Le groupe de réforme juridique iLaw dénonce une commission électorale qui “s’est arrogée le rôle de juge”, protégeant les “sénateurs bleus” proches du Bhumjaithai. Selon eux, les preuves auraient dû être transmises intégralement à la Cour suprême.

Vers une motion de censure et des amendements

L’opposition prépare une motion de censure contre Anutin et ses ministres, accusés de corruption et de manipulation électorale. Elle veut aussi modifier la Constitution héritée de la junte afin de retirer aux sénateurs le pouvoir de nommer les juges de la Cour constitutionnelle, les membres de la Commission anticorruption et les commissaires électoraux.

Colère dans la rue

La décision de l’EC pourrait rallumer la contestation. Des réseaux militants comme Thalu Fa ou des figures comme Sondhi Limthongkul évoquent déjà des manifestations. Sondhi accuse l’EC d’avoir “sacrifié les petits poissons pour sauver les gros”, et promet une mobilisation si la justice ne reprend pas le dossier.

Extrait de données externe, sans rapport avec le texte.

Definition kappa (R : realType) (T : finType) (V : {set T})
  (E : {set {set T}}) : R :=
  \big[Num.max/0]_(S : {set T} | S \subset V)
     tau_star R S (red_edges (induced_edges E S)).

Definition hadj (T : finType) (E : {set {set T}}) : rel T :=
  fun u v => [exists e in E, (u \in e) && (v \in e)].

Definition hcomp (T : finType) (V : {set T}) (E : {set {set T}}) (v : T)
  : {set T} :=
  [set u in V | connect (hadj E) v u].

Definition hcomponents (T : finType) (V : {set T}) (E : {set {set T}})
  : {set {set T}} :=
  [set hcomp V E v | v in V].

Definition comp_edges (T : finType) (E : {set {set T}}) (C : {set T})
  : {set {set T}} :=
  [set e in E | e \subset C].

(* An edge of red(H[S]) is a trace S :&: e of an edge e of H, hence lies in a
   single connected component C, and a nonempty subset of C is contained only in
   edges inside C.  So red(H[S]) is the disjoint union over the components C of
   red(H_C[S :&: C]).  Fractional packings of a disjoint union are exactly
   families of packings of the parts, so tau^* is additive over components, and
   maximizing over S \subset V splits into independent maximizations over the
   S :&: C \subset C. *)

From mathcomp Require Import boolp classical_sets reals.
From mathcomp Require Import all_boot all_order all_algebra.
Import Order.TTheory GRing.Theory Num.Theory.
Local Open Scope ring_scope.

Set Implicit Arguments. Unset Strict Implicit. Unset Printing Implicit Defensive.

Section FractionalPackings.
Variables (R : realType) (T : finType).
Implicit Types (W : {set T}) (F : {set {set T}}) (y : {set T} -> R).

Definition packing_values W F : set R :=
  [set \sum_(e in F) y e | y in frac_edge_packing W F]%classic.

Lemma packing0 W F : frac_edge_packing W F (fun=> 0 : R).
Proof. by split=> // v _; rewrite big1. Qed.

Lemma packing_le1 W F y :
  hypergraph_wf W F -> frac_edge_packing W F y -> {in F, forall f, y f <= 1}.
Proof.
move=> wfF [y_ge0 y_le1] f fF; have [fW /set0Pn[v vf]] := wfF f fF.
apply: le_trans (y_le1 v (subsetP fW v vf)).
rewrite (bigD1 f) /=; last by rewrite fF vf.
by rewrite lerDl sumr_ge0 // => e /andP[/andP[eF _] _]; apply: y_ge0.
Qed.

Lemma packing_values_nonempty W F : exists r, packing_values W F r.
Proof. by exists 0, (fun=> 0 : R); [exact: packing0 | rewrite big1]. Qed.

Lemma has_sup_packing_values W F :
  hypergraph_wf W F -> has_sup (packing_values W F).
Proof.
move=> wfF; split; first exact: packing_values_nonempty.
exists #|F|%:R => _ [y yF <-]; rewrite -sumr_const.
by apply: ler_sum => f fF; apply: packing_le1 yF f fF.
Qed.

Lemma le_tau_star W F y : hypergraph_wf W F -> frac_edge_packing W F y ->
  \sum_(e in F) y e <= tau_star R W F.
Proof.
move=> wfF yF; apply: (sup_upper_bound (has_sup_packing_values wfF)).
by exists y.
Qed.

Lemma ge_tau_star W F x :
  (forall y, frac_edge_packing W F y -> \sum_(e in F) y e <= x) ->
  tau_star R W F <= x.
Proof.
move=> ub; apply: ge_sup; first exact: packing_values_nonempty.
by move=> _ [y yF <-]; apply: ub.
Qed.

Lemma tau_star_ge0 W F : hypergraph_wf W F -> 0 <= tau_star R W F.
Proof.
move=> wfF; have := le_tau_star wfF (packing0 W F).
by rewrite big1.
Qed.

Lemma tau_star_adherent W F eps : hypergraph_wf W F -> 0 < eps ->
  exists2 y, frac_edge_packing W F y & tau_star R W F - eps < \sum_(e in F) y e.
Proof.
move=> wfF eps_gt0.
by have [_ [y yF <-]] := sup_adherent eps_gt0 (has_sup_packing_values wfF); exists y.
Qed.

End FractionalPackings.

Section ClosedVertexSets.
Variable T : finType.
Implicit Types (S C : {set T}) (E F : {set {set T}}).

Definition edge_closed F C :=
  forall f x, f \in F -> x \in f -> x \in C -> f \subset C.

Lemma edge_closedS F F' C :
  F' \subset F -> edge_closed F C -> edge_closed F' C.
Proof. by move=> /subsetP sF'F closedC f x /sF'F; apply: closedC. Qed.

Lemma red_edges_sub F : red_edges F \subset F.
Proof. by apply/subsetP => f; rewrite inE => /andP[]. Qed.

Lemma induced_edges_wf E S : hypergraph_wf S (induced_edges E S).
Proof. by move=> _ /imsetP[e /setIdP[_ Se_n0] ->]; rewrite subsetIl. Qed.

Lemma red_induced_wf E S : hypergraph_wf S (red_edges (induced_edges E S)).
Proof. by move=> f /(subsetP (red_edges_sub _)); apply: induced_edges_wf. Qed.

Lemma edge_closed_induced E S C :
  edge_closed E C -> edge_closed (induced_edges E S) C.
Proof.
move=> closedC _ x /imsetP[e /setIdP[eE _] ->] /setIP[_ xe] xC.
exact: subset_trans (subsetIr S e) (closedC e x eE xe xC).
Qed.

Lemma induced_comp_edges E S C : edge_closed E C ->
  induced_edges (comp_edges E C) (S :&: C) = comp_edges (induced_edges E S) C.
Proof.
move=> closedC.
have SCe (e : {set T}) : e \subset C -> S :&: C :&: e = S :&: e.
  by move=> eC; rewrite -setIA (setIidPr eC).
apply/setP => f; rewrite inE; apply/imsetP/andP.
  case=> e /setIdP[/setIdP[eE eC] Se_n0] ->; rewrite SCe // in Se_n0 *.
  by split; [apply: imset_f; rewrite inE eE | exact: subset_trans (subsetIr _ _) eC].
case=> /imsetP[e /setIdP[eE /set0Pn[x /setIP[xS xe]]] ->] SeC.
have eC : e \subset C.
  by apply: (closedC e x eE xe); apply: (subsetP SeC); rewrite inE xS.
exists e; last by rewrite SCe.
by rewrite !inE eE eC SCe //=; apply/set0Pn; exists x; rewrite inE xS.
Qed.

Lemma red_comp_edges F C : set0 \notin F -> edge_closed F C ->
  red_edges (comp_edges F C) = comp_edges (red_edges F) C.
Proof.
move=> F_n0 closedC; apply/setP => f; rewrite !inE andbAC.
case fC: (f \subset C); rewrite ?andbF ?andbT //.
case fF: (f \in F) => //=; congr (~~ _).
apply: eq_existsb => e; rewrite inE andbCA; case eF: (e \in F); rewrite ?andbF //=.
case fe: (f \subset e); rewrite ?andbF //= andbT.
have /set0Pn[x xf] : f != set0 by apply: contraNneq F_n0 => <-.
by rewrite (closedC e x eF (subsetP fe x xf) (subsetP fC x xf)) andbT.
Qed.

Lemma comp_edges_red_induced E S C : edge_closed E C ->
  comp_edges (red_edges (induced_edges E S)) C =
  red_edges (induced_edges (comp_edges E C) (S :&: C)).
Proof.
move=> closedC; rewrite induced_comp_edges // red_comp_edges //.
  by apply/negP => /induced_edges_wf[_ /eqP].
exact: edge_closed_induced.
Qed.

End ClosedVertexSets.

(* [hypergraph_wf] unfolds to a product, so [Set Implicit Arguments] would
   otherwise make the vertex and edge sets implicit. *)
Arguments red_induced_wf {T} E S.

Section BlockDecomposition.
Variables (R : realType) (T : finType) (W : {set T}) (F P : {set {set T}}).
Hypotheses (wfF : hypergraph_wf W F) (trivP : trivIset P).
Hypotheses (coverP : W \subset cover P) (closedP : {in P, forall C, edge_closed F C}).
Implicit Types (C : {set T}) (f : {set T}) (y : {set T} -> R).

Lemma edge_in_block f : f \in F -> exists2 C, C \in P & f \subset C.
Proof.
move=> fF; have [fW /set0Pn[x xf]] := wfF fF.
have xP : x \in cover P by apply: (subsetP coverP); apply: (subsetP fW).
exists (pblock P x); first exact: pblock_mem.
have xPx : x \in pblock P x by rewrite mem_pblock.
exact: (closedP (pblock_mem xP) fF xf xPx).
Qed.

Lemma edge_block_unique f C0 : f \in F -> C0 \in P -> f \subset C0 ->
  forall C, (C \in P) && (f \subset C) = (C == C0).
Proof.
move=> fF C0P fC0 C; have [_ /set0Pn[x xf]] := wfF fF.
apply/andP/eqP => [[CP fC] | ->//].
have [xC xC0] := (subsetP fC x xf, subsetP fC0 x xf).
by rewrite -(def_pblock trivP CP xC) (def_pblock trivP C0P xC0).
Qed.

Lemma sum_edges_blocks y :
  \sum_(f in F) y f = \sum_(C in P) \sum_(f in comp_edges F C) y f.
Proof.
have sum_edge f : f \in F -> y f = \sum_(C in P | f \subset C) y f.
  move=> fF; have [C0 C0P fC0] := edge_in_block fF.
  by rewrite (big_pred1 C0) // => C; apply: edge_block_unique.
rewrite (eq_bigr _ sum_edge) (exchange_big_dep (mem P)) /=; last first.
  by move=> f C _ /andP[].
by apply: eq_bigr => C CP; apply: eq_bigl => f; rewrite !inE CP.
Qed.

Lemma comp_edges_wf C : hypergraph_wf (W :&: C) (comp_edges F C).
Proof.
move=> f /setIdP[fF fC]; have [fW f_n0] := wfF fF.
by rewrite subsetI fW fC.
Qed.
Arguments comp_edges_wf : clear implicits.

Jatuporn Prompan, ancien leader des Red Shirts, estime que “le moment est venu” et attend le verdict de la Cour constitutionnelle sur les bulletins codés du scrutin de février 2026 pour lancer une nouvelle vague de protestations.

Une commission sous pression

Le président de l’EC, Narong Klunwarin, insiste : la décision n’est pas une déclaration de culpabilité, mais un renvoi partiel devant la Cour suprême. Pourtant, la sélectivité des poursuites expose la commission à des accusations de double standard et à des risques juridiques pour malversation.

En résumé

  • 77 suspects poursuivis, dont 26 sénateurs, sur un total de 229 personnes initialement mises en cause.
  • 21 figures du Bhumjaithai, dont Anutin et Newin, épargnées, alors que des preuves existeraient.
  • L’opposition promet plainte judiciaire et motion de censure.
  • Des protestations de rue pourraient éclater fin septembre.
  • La réforme constitutionnelle est désormais au cœur du débat. Le Bumjaithai a l’intention de la torpiller.

Il apparaît clairement que l’establishment – Sénat, Commission électorale, Cour suprême et élite bangkokoise – fonctionne comme un bloc soudé, où chacun protège l’autre. Presque intouchables, ils bénéficient en outre du soutien tacite de l’armée. Partisans du statu quo, ils semblent bien décidés à le prolonger.